The universal lament among those toiling in the fields of higher ed is that the vast majority of students are not engaged, not even interested in the subject matter, but just in pursuit of a diploma that will allow them to get on with their money-earning lives. But again, when everyone is expected to attend college in order to earn a decent living, what other outcome could we expect? Because the fact is and always will be: people are not universally suited for, or interested in, the kind of learning that goes on in traditional colleges. The response among college administrators—most of whom are “Ed Docs” who, in common with most students, have no interest in academic pursuits—has been to demand that professors change their courses to “meet the demands” of this new breed of student. And, with their paychecks dependent upon their compliance, most have capitulated, to their chagrin and subsequent despondency.

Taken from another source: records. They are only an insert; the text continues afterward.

Lemma camom_step a m i B : 0 < a -> 0 <= B -> (forall n, camom a m n <= B) ->
  camom a (S m) i <= Rpower 2 a * (amom_bound a + B).
Proof.
  intros Ha HB HM. unfold camom. rewrite conv_sum.
  apply Rle_trans with (sum_f_R0 (fun j => Rpower 2 a * (pT a j * (rpow (INR j) a * cmass a m (i - j)%nat)) +
                                            Rpower 2 a * (pT a j * camom a m (i - j)%nat)) i).
  - apply sum_Rle. intros j Hj.
    replace (Rpower 2 a * (pT a j * (rpow (INR j) a * cmass a m (i - j))) + Rpower 2 a * (pT a j * camom a m (i - j)))
      with (pT a j * (Rpower 2 a * (rpow (INR j) a * cmass a m (i - j)%nat + camom a m (i - j)%nat))) by ring.
    apply Rmult_le_compat_l. left; apply pT_pos; auto.
    unfold cmass, camom. rewrite <- (sum_scal_l _ (rpow (INR j) a)), <- plus_sum, <- sum_scal_l. apply sum_Rle. intros r Hr.
    rewrite plus_INR. pose proof (conv_nonneg a m r Ha). pose proof (pos_INR j). pose proof (pos_INR r).
    pose proof (rpow_add_le a (INR j) (INR r) ltac:(lra) H0 H1).
    pose proof (Rpower_pos 2 a).
    replace (Rpower 2 a * (rpow (INR j) a * conv a m r + conv a m r * rpow (INR r) a))
      with (conv a m r * (Rpower 2 a * (rpow (INR j) a + rpow (INR r) a))) by ring.
    apply Rmult_le_compat_l; lra.
  - rewrite plus_sum, sum_scal_l, sum_scal_l. pose proof (Rpower_pos 2 a).
    rewrite <- Rmult_plus_distr_l. apply Rmult_le_compat_l. lra.
    apply Rplus_le_compat.
    + apply Rle_trans with (1 * sum_f_R0 (fun j => rpow (INR j) a * pT a j) i).
      apply conv_weighted_le; auto. lra. intros; apply rpow_nonneg. intros; apply cmass_le1; auto.
      rewrite Rmult_1_l. apply pT_amom_le; auto.
    + apply conv_avg_le; auto.
Qed.

Lemma cmom_inner_upper a m j n : 0 < a ->
  sum_f_R0 (fun r => conv a m r * rpow (INR (j + r)) (1 + a)) n <=
  rpow (INR j) (1 + a) * cmass a m n + cmom a m n + cross_const a * (rpow (INR j) a * cmean a m n + INR j * camom a m n).
Proof.
  intros Ha. unfold cmass, cmom, cmean, camom.
  apply Rle_trans with (sum_f_R0 (fun r => (rpow (INR j) (1 + a) * conv a m r + conv a m r * rpow (INR r) (1 + a)) +
     cross_const a * (rpow (INR j) a * (conv a m r * INR r) + INR j * (conv a m r * rpow (INR r) a))) n).
  2: { rewrite !plus_sum, !sum_scal_l, !plus_sum, !sum_scal_l. apply Rle_refl. }
  apply sum_Rle. intros r Hr. rewrite plus_INR.
  pose proof (conv_nonneg a m r Ha). pose proof (pos_INR j). pose proof (pos_INR r).
  pose proof (rpow_add_upper (1 + a) (INR j) (INR r) ltac:(lra) H0 H1) as U.
  replace (1 + a - 1) with a in U by ring. fold (cross_const a) in U.
  replace (rpow (INR j) (1 + a) * conv a m r + conv a m r * rpow (INR r) (1 + a) +
           cross_const a * (rpow (INR j) a * (conv a m r * INR r) + INR j * (conv a m r * rpow (INR r) a)))
    with (conv a m r * (rpow (INR j) (1 + a) + rpow (INR r) (1 + a) +
           cross_const a * (INR r * rpow (INR j) a + INR j * rpow (INR r) a))) by ring.
  apply Rmult_le_compat_l; lra.
Qed.
(* Split each draw from P into a coin telling whether it is the first outcome
   and, when it is not, a draw from the conditional law P' of the other
   outcomes.  The chain rule for the Kullback-Leibler divergence writes
   V_{n,P} as V_{n,(p,1-p)} of the coins plus (c/n) V_{c,P'} of the c draws
   whose coin is tails.  Given the coins, those c draws form an i.i.d. sample
   from P', so the inner exponential moment is at most f(t/n)^(k-2) by
   induction on the number of outcomes (at most 1 <= f(t/n) when c = 0, the
   bound f >= 1 coming from the point mass p = 0), and the outer one is then at
   most f(t/n) by hypothesis. *)

From mathcomp Require Import all_boot all_order all_algebra.
From mathcomp Require Import all_classical all_reals all_analysis.
From mathcomp Require Import ring.
Import Order.TTheory GRing.Theory Num.Theory.
Set Implicit Arguments. Unset Strict Implicit. Unset Printing Implicit Defensive.
Local Open Scope ring_scope.

Section ProductWeights.
Variable R : comPzSemiRingType.

Lemma sum_prod_pushforward (J U S : finType) (Q : U -> R) (h : U -> S)
    (G : {ffun J -> S} -> R) :
  \sum_(u : {ffun J -> U}) (\prod_j Q (u j)) * G [ffun j => h (u j)] =
  \sum_(s : {ffun J -> S}) (\prod_j \sum_(x | h x == s j) Q x) * G s.
Proof.
have mapE (s : {ffun J -> S}) (u : {ffun J -> U}) :
    ([ffun j => h (u j)] == s) = (u \in family (fun j x => h x == s j)).
  apply/eqP/familyP => [<- j|hu]; first by rewrite unfold_in /= ffunE.
  by apply/ffunP => j; rewrite ffunE; apply/eqP/hu.
rewrite (partition_big (fun u : {ffun J -> U} => [ffun j => h (u j)]) predT) //.
apply: eq_bigr => s _; rewrite bigA_distr_big_dep big_distrl.
rewrite (eq_bigr (fun u : {ffun J -> U} => \prod_j Q (u j) * G s)) => [|u /eqP -> //].
exact: eq_bigl (mapE s).
Qed.

Lemma sum_prod_pair (J A B : finType) (QA : A -> R) (QB : B -> R)
    (G : {ffun J -> A} -> {ffun J -> B} -> R) :
  \sum_(a : {ffun J -> A}) \sum_(b : {ffun J -> B})
     (\prod_j QA (a j)) * (\prod_j QB (b j)) * G a b =
  \sum_(u : {ffun J -> A * B})
     (\prod_j (QA (u j).1 * QB (u j).2)) * G [ffun j => (u j).1] [ffun j => (u j).2].
Proof.
pose zip (p : {ffun J -> A} * {ffun J -> B}) := [ffun j => (p.1 j, p.2 j)].
pose unzip (u : {ffun J -> A * B}) := ([ffun j => (u j).1], [ffun j => (u j).2]).
have zipK : cancel zip unzip.
  by case=> a b; congr pair; apply/ffunP => j; rewrite !ffunE.
have unzipK : cancel unzip zip.
  by move=> u; apply/ffunP => j; rewrite !ffunE; case: (u j).
rewrite pair_big (reindex unzip); last by exists zip => ? _.
apply: eq_bigr => u _; rewrite big_split; congr (_ * _ * _).
all: by apply: eq_bigr => j _; rewrite ffunE.
Qed.

Definition restrict (J I : finType) (B : {set J}) (r : {ffun J -> I}) :
  {ffun 'I_#|B| -> I} := [ffun x => r (enum_val x)].

Lemma sum_prod_restrict (J I : finType) (B : {set J}) (Q : I -> R)
    (G : {ffun 'I_#|B| -> I} -> R) :
  \sum_i Q i = 1 ->
  \sum_(r : {ffun J -> I}) (\prod_j Q (r j)) * G (restrict B r) =
  \sum_(r' : {ffun 'I_#|B| -> I}) (\prod_x Q (r' x)) * G r'.
Proof.
move=> hQ.
pose D (r' : {ffun 'I_#|B| -> I}) j i :=
  [forall x : 'I_#|B|, (enum_val x == j) ==> (i == r' x)].
have restrictE r' r : (restrict B r == r') = (r \in family (D r')).
  apply/eqP/familyP => [<- j|hr].
    by rewrite unfold_in; apply/forallP => x; apply/implyP => /eqP <-; rewrite ffunE.
  apply/ffunP => x; rewrite ffunE; have := hr (enum_val x).
  by rewrite unfold_in => /forallP/(_ x); rewrite eqxx => /eqP.
have marginal r' : \prod_j \sum_(i | D r' j i) Q i = \prod_x Q (r' x).
  rewrite (bigID (mem B)) /= [X in _ * X]big1 ?mulr1 => [|j jB]; last first.
    rewrite -[RHS]hQ; apply: eq_bigl => i; apply/forallP => x.
    by apply/implyP => /eqP ejx; move: jB; rewrite -ejx enum_valP.
  rewrite big_enum_val; apply: eq_bigr => x _.
  rewrite (eq_bigl (fun i => i == r' x)) ?big_pred1_eq // => i.
  apply/forallP/eqP => [/(_ x)|-> y]; first by rewrite eqxx => /eqP.
  by apply/implyP => /eqP /enum_val_inj ->.
rewrite (partition_big (restrict B) predT) //.
apply: eq_bigr => r' _; rewrite -marginal bigA_distr_big_dep big_distrl.
rewrite (eq_bigr (fun r : {ffun J -> I} => \prod_j Q (r j) * G r')) => [|r /eqP -> //].
exact: eq_bigl (restrictE r').
Qed.

End ProductWeights.

Lemma counts_restrict (n k : nat) (B : {set 'I_n}) (r : {ffun 'I_n -> 'I_k}) i :
  counts (restrict B r) i = #|[set j in B | r j == i]|.
Proof.
rewrite /counts -!sum1dep_card big_enum_val_cond.
by apply: eq_bigl => x; rewrite ffunE.
Qed.

Lemma sum_counts (n k : nat) (s : {ffun 'I_n -> 'I_k}) : (\sum_i counts s i)%N = n.
Proof.
rewrite -[RHS]card_ord -sum1_card (partition_big s predT) //.
by apply: eq_bigr => i _; rewrite /counts -sum1dep_card.
Qed.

So, in this changed institutional environment, where learning is no longer valued for its own sake and intellectual creativity is but a distant memory, the administrators who once facilitated teaching now instead dictate from on high about the need for improvement of “retention” statistics, and demand the same kinds of outcome “measures” that have irretrievably ruined the K-12 system.

The short version: academia is dead.

The shell still exists, and a dispirited shell it is. Teachers grasp at remaining tenuous strands of academic vigor while the enterprise shudders in its death throes, all the while under vicious assault from all who believe that “education” is a standardizable process that is administered to nameless and faceless fodder for the corporate enterprise. Learning is irrelevant. Persistence, and retention, and measured outcomes, and “full-time equivalent students,” and funding formulae, and minimum class sizes, and above all, aiming one’s teaching to the lowest common denominator: that is college today.

It is in this environment that students will buy and sell grades without compunction if provided the opportunity to do so, and will plagiarize at every opportunity, repeatedly, and even after having been chastised for doing so, will do it again. It is in this environment that over 50 percent of graduate students surveyed reported that they had cheated.

It has been a gradual process, but over the course of a generation or two, we have allowed higher education to become so debased that a majority of graduate students prefer to steal their diplomas, and presumably, they will be hired by others who stole theirs too. Can we really claim to be surprised that a group of lower division students at a community college seized the opportunity to “get ahead” when it was thrust into their faces by know-nothing administrators? Those who gave the students access to the computer grade change system are at least as guilty as the students themselves, because like the students in this ethically debauched era, the administrators knew full well the sort of temptations those computers offered, and still they chose to offer them, and to pretend otherwise is to stretch our credulity to the breaking point.